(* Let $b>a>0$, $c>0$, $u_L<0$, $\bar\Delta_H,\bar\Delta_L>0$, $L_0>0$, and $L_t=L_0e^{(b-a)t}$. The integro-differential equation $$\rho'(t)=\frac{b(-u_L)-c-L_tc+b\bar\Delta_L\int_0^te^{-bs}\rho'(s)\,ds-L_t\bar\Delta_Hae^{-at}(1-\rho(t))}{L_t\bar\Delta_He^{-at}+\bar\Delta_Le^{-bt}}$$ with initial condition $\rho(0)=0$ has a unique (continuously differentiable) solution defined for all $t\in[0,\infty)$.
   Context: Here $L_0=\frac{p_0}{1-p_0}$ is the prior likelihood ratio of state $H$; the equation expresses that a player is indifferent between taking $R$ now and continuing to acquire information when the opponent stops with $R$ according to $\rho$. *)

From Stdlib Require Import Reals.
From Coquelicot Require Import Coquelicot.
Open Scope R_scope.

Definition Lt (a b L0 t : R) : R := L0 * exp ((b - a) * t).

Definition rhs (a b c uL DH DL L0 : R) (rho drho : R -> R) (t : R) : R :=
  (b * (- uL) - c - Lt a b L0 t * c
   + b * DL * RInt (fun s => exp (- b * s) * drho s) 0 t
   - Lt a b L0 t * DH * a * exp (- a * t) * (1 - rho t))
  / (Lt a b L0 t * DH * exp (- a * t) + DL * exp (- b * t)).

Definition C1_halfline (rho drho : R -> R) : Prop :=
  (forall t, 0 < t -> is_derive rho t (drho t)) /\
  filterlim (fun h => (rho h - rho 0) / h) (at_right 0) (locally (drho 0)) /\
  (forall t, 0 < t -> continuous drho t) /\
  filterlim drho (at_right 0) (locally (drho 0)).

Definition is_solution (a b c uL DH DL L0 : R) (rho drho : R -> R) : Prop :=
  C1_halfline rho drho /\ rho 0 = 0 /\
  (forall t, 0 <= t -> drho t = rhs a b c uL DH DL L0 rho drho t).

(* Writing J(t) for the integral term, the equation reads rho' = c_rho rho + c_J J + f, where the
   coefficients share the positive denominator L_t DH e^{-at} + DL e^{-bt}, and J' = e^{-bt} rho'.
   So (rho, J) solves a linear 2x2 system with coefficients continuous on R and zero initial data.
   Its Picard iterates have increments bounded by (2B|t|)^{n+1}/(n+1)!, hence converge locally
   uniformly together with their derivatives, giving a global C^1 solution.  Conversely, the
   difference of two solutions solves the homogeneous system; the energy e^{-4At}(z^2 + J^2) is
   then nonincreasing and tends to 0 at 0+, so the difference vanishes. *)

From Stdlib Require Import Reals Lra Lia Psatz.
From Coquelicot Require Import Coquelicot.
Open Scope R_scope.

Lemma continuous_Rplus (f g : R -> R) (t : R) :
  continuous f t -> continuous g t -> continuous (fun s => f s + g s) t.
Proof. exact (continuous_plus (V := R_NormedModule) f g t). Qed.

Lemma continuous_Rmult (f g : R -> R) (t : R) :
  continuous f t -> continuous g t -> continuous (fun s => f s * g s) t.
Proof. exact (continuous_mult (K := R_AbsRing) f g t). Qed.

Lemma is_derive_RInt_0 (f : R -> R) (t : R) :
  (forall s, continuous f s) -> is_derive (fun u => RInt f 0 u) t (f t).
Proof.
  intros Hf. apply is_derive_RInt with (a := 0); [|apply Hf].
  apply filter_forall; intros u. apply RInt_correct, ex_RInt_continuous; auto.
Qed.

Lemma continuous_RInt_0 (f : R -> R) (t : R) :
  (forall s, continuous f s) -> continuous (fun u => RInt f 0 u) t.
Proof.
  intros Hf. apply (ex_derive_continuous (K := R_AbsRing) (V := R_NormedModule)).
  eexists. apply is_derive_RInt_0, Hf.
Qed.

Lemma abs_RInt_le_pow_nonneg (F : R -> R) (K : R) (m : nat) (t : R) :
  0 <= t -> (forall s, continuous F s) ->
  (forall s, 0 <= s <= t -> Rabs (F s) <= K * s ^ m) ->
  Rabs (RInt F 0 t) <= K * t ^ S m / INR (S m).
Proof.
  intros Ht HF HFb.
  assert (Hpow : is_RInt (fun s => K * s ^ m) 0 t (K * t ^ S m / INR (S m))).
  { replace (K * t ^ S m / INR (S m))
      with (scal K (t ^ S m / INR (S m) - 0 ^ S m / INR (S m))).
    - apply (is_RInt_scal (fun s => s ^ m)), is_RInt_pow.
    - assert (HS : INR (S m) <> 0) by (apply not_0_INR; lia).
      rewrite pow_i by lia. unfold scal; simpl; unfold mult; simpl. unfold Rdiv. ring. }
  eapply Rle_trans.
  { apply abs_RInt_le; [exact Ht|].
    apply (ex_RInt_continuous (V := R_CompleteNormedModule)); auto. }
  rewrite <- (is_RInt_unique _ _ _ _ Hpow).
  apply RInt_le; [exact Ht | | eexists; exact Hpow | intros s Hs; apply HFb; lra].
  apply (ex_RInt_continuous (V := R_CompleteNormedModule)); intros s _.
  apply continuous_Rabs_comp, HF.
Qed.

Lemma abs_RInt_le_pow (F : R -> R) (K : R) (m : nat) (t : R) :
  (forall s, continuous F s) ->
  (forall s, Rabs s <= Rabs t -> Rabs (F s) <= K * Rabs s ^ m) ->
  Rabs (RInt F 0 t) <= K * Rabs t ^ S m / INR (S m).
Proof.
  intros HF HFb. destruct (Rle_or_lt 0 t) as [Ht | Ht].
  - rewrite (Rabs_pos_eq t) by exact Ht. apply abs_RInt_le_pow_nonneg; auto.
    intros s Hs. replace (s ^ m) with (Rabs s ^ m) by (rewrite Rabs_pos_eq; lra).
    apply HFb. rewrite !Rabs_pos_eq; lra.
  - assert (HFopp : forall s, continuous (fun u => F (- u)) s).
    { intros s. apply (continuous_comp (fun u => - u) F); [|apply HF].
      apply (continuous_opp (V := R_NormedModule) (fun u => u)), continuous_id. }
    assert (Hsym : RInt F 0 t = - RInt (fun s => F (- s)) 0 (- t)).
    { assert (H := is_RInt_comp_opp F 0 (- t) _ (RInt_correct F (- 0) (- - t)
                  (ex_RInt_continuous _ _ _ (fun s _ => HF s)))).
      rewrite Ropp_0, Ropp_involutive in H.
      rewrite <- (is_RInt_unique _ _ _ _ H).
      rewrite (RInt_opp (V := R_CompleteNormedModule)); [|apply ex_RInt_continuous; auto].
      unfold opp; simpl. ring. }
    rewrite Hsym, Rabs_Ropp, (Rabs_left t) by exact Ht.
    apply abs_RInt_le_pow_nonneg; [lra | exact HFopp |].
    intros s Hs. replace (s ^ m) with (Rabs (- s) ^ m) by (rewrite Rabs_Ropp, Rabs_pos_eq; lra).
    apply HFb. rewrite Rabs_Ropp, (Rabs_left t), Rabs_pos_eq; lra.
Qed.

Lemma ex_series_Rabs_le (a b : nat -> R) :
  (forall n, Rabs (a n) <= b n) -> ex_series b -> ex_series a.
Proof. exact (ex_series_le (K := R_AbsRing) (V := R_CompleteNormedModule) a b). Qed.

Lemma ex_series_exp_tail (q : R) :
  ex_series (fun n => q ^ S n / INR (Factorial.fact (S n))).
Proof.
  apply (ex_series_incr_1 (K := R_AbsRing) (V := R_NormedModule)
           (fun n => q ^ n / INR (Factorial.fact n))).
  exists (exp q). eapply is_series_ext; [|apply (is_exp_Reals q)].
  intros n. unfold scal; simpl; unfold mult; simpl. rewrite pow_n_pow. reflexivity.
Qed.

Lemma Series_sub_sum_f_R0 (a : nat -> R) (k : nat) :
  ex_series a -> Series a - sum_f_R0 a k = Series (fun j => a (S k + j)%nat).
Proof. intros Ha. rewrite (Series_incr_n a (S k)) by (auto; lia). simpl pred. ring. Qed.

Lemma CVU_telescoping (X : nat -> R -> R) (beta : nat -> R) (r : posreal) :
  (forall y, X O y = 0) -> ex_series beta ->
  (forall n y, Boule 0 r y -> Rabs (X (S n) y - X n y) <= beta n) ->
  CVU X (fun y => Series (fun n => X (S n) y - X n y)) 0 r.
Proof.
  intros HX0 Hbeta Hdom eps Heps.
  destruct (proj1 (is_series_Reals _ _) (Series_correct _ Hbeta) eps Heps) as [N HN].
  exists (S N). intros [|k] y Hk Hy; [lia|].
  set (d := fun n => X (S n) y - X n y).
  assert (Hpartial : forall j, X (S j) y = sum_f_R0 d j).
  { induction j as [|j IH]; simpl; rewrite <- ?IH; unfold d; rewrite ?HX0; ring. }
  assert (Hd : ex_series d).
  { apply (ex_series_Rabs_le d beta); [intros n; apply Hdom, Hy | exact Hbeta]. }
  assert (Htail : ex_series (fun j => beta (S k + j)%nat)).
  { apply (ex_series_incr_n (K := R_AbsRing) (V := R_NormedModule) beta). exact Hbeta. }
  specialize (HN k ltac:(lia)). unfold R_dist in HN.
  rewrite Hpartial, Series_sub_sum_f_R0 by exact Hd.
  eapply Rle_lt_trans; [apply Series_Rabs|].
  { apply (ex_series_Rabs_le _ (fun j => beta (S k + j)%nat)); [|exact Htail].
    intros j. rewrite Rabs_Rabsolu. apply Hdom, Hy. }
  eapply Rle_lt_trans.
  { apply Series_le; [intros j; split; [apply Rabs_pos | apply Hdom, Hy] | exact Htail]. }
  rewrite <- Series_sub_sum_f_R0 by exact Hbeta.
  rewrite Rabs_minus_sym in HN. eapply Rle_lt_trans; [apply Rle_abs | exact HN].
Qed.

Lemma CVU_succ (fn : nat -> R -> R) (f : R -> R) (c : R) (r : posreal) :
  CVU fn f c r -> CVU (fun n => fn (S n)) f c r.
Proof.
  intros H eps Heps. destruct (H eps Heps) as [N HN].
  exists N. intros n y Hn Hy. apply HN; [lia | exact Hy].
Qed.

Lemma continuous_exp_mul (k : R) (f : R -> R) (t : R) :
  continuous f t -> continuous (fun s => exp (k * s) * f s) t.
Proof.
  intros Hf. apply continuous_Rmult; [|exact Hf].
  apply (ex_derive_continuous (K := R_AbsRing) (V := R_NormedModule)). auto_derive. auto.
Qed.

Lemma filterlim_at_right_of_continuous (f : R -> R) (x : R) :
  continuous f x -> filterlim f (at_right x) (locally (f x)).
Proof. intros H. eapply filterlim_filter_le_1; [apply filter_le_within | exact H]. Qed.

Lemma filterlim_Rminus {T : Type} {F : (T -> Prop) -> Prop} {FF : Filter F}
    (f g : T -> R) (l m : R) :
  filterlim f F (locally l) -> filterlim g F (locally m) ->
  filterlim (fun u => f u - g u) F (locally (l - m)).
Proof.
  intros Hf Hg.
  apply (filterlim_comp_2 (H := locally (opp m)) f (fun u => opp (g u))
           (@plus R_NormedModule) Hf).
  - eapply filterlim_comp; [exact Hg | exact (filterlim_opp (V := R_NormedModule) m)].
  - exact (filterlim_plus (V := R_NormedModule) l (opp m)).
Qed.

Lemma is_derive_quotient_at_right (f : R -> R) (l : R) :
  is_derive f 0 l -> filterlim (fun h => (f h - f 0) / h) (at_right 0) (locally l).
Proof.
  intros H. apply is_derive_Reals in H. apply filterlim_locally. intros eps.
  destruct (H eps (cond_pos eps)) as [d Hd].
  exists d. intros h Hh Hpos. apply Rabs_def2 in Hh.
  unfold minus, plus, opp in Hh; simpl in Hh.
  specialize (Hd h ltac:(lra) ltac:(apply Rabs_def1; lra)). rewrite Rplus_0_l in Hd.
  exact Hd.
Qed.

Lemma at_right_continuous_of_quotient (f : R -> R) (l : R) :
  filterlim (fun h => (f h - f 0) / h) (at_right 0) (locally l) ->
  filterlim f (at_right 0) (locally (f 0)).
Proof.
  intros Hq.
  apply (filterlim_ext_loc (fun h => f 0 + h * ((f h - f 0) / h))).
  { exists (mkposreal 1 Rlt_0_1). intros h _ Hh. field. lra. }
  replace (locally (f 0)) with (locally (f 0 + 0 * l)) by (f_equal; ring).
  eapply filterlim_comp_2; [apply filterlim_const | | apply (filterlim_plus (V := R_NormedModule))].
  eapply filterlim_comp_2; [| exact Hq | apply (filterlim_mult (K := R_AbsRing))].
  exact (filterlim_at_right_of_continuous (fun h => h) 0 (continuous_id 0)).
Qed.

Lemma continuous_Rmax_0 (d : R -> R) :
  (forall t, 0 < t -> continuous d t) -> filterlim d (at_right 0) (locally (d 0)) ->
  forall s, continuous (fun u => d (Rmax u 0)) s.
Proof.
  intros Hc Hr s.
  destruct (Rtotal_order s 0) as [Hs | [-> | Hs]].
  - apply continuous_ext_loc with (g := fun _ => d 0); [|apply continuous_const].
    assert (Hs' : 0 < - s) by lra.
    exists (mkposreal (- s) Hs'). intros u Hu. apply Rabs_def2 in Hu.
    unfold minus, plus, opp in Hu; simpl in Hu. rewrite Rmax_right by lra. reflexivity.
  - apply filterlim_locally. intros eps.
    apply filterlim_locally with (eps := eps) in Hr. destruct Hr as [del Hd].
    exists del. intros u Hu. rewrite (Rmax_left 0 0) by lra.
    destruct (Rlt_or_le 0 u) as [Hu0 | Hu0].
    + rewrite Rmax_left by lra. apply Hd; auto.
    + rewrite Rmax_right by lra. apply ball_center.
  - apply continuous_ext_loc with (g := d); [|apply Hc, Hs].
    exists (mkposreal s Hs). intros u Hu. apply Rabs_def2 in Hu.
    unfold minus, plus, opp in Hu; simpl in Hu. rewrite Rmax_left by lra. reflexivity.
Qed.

Goal of the exercise
In the data above, find each line where the string "Heps" appears, then copy it.

Response to the task
  intros HX0 Hbeta Hdom eps Heps.
  destruct (proj1 (is_series_Reals _ _) (Series_correct _ Hbeta) eps Heps) as [N HN].
  intros H eps Heps. destruct (H eps Heps) as [N HN].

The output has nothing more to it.